■ **Input for this task**:
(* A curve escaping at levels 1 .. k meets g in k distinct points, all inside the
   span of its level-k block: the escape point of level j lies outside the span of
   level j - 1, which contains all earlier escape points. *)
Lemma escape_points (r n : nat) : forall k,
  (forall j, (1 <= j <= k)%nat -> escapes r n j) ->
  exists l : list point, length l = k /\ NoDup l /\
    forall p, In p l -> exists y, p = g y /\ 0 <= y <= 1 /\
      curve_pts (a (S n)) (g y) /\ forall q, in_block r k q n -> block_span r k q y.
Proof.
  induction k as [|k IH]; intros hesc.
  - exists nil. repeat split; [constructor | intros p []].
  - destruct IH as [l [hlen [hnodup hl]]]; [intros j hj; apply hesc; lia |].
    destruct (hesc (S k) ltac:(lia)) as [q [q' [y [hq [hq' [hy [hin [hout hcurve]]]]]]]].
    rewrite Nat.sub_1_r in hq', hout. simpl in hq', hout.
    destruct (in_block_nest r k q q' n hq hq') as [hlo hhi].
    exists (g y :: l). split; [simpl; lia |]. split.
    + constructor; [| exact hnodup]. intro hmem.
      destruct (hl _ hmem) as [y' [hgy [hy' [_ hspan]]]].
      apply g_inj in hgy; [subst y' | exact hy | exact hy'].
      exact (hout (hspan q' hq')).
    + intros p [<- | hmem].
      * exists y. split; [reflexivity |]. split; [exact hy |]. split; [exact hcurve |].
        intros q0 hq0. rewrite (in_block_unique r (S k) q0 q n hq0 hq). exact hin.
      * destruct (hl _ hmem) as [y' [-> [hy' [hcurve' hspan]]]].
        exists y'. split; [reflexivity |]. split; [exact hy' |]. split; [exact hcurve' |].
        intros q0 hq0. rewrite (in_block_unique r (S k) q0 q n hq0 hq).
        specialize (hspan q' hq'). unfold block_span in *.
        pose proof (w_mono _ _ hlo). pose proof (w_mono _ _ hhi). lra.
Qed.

==

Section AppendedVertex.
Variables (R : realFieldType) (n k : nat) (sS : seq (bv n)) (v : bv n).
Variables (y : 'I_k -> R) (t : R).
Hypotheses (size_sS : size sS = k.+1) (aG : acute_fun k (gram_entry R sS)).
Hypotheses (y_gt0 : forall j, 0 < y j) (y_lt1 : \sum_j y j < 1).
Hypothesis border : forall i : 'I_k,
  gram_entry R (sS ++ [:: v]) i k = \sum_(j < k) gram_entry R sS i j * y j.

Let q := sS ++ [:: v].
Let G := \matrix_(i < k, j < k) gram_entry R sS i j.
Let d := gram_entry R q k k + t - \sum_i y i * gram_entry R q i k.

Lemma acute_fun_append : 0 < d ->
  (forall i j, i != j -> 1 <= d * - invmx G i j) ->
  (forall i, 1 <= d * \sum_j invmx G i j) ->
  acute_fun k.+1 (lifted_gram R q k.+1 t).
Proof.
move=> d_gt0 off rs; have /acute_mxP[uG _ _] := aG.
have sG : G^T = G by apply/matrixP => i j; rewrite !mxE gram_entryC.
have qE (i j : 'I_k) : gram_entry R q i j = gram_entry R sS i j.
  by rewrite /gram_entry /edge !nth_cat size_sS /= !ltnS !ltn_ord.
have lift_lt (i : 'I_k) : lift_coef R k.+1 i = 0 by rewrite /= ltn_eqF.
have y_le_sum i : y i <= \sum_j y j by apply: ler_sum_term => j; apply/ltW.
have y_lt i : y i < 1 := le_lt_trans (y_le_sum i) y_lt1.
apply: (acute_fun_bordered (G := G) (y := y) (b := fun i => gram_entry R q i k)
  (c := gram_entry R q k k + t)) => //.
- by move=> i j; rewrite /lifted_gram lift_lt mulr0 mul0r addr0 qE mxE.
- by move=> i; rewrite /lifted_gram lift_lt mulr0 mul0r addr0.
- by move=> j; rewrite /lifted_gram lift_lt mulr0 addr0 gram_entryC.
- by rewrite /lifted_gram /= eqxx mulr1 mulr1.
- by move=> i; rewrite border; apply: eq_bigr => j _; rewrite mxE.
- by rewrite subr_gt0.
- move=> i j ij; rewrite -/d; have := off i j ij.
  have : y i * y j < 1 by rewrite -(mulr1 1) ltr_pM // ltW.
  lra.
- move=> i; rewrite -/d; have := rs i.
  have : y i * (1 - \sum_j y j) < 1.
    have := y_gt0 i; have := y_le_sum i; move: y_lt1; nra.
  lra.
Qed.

■ **Exercise aim**: Only the lines above starting at the one containing "(* A curve escaping" and ending at the one containing "(forall j, (1", both included, are to be returned, exactly as they read.

■ **Answer space**:
(* A curve escaping at levels 1 .. k meets g in k distinct points, all inside the
   span of its level-k block: the escape point of level j lies outside the span of
   level j - 1, which contains all earlier escape points. *)
Lemma escape_points (r n : nat) : forall k,
  (forall j, (1 <= j <= k)%nat -> escapes r n j) ->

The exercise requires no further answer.